I have no insight into what Adobe may have coded that would lead to problems in this arrangement, but you're not the first who has reported here a problem where relocating things off a small SSD has led to problems.  I know of at least two others who have said they can only run Photoshop successfully As Administrator after having done similar things that should just work.

Not that this can be an easy workaround for you but an approach that works (I know because I use it myself) is to create a huge C: volume from multiple SSDs in RAID 0.  This also has the advantage of pushing the increased performance up even higher and wear-loading the individual disks less (though that's not really a practical problem any longer with modern SSDs).  Pointing parts of your system to a spinning hard drive does slow things down.

-Noel

Participating Frequently
June 28, 2012

This problem surfaced on my pc immediately upon starting Photoshop CS6 after installing Design Standard. In line with comments above, I then started it as administrator, and found the installation program had marked my boot drive (a relatively early [=small] SSD), as the only scratch drive, even though there also is a large drive with loads of free space. I changed the scratch disk to the latter drive, and the problem disappeared.

I have two gripes with this:

First, wouldn't it be simple for the installation program to check whether the intended scratch disk is fit for the purpose, and request the user's input about the choice of scratch disk, limiting the choices to those drives that meet Photoshop's requirements?

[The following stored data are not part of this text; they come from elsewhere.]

Definition sigma (r : R) : I -> int :=
  proj1_sig (constructive_indefinite_description _ (Sf_onto r)).

Lemma Sf_sigma r : Sf (sigma r) = r.
Proof. by rewrite /sigma; case: constructive_indefinite_description. Qed.

Lemma sigma_ordered_ring_iso : ordered_ring_iso_ultrapower Ufilter sigma.
Proof.
split.
- by move=> r s; apply/eq_Sf_Ufilter; rewrite SfD !Sf_sigma.
- by move=> r s; apply/eq_Sf_Ufilter; rewrite SfM !Sf_sigma.
- by apply/eq_Sf_Ufilter; rewrite Sf1 Sf_sigma.
- split=> [r s /eq_Sf_Ufilter|g]; first by rewrite !Sf_sigma.
  by exists (Sf g); apply/eq_Sf_Ufilter; rewrite Sf_sigma.
- by move=> r s; rewrite /ule -ler_Sf_Ufilter !Sf_sigma.
Qed.

End InducedUltrafilter.

Theorem theorem1p2 (K : choiceType)
    (Kinf : exists e : nat -> K, injective e)
    (R : realDomainType) (Rdisc : discretely_ordered R)
    (S : ({fset K} -> int) -> R) (HS : euclidean_sum S) :
  exists (U : ({fset K} -> Prop) -> Prop) (sigma : R -> {fset K} -> int),
    [/\ is_ultrafilter U, fine U,
        ordered_ring_iso_ultrapower U sigma,
        (forall x, ueq U (sigma (S x)) (fx x)) &
        (forall x y, S x <= S y <-> U (fun d => fx x d <= fx y d))].
Proof.
exists (Ufilter S), (sigma HS); split.
- exact: Ufilter_is_ultrafilter HS.
- exact: Ufilter_fine HS Kinf.
- exact: sigma_ordered_ring_iso HS.
- by move=> x; apply/(eq_Sf_Ufilter HS); rewrite Sf_sigma (Sf_fx HS).
- by move=> x y; rewrite -(ler_Sf_Ufilter HS) !(Sf_fx HS).
Qed.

Second, it would seem logical for Photoshop -- in case there is a problem with the scratch disk -- to proceed along the lines described above, instead of throwing an error message that does not even identify the problematic disk.

Participating Frequently
June 7, 2012

As Adobe is one of the big "industry standard" software makers I really don't know where to start. Constant crashing, inconsistent workflow and stupid, stupid errors like this makes my wonder why it is "industry standard". I'm not able to change permissions on drive C, becuase of normal user account rules set in Windows Group Policies, and thereby not able to run Photoshop at all as a user.

Come on Adobe! Mercury cache this and tilable patterns that, make your software run first!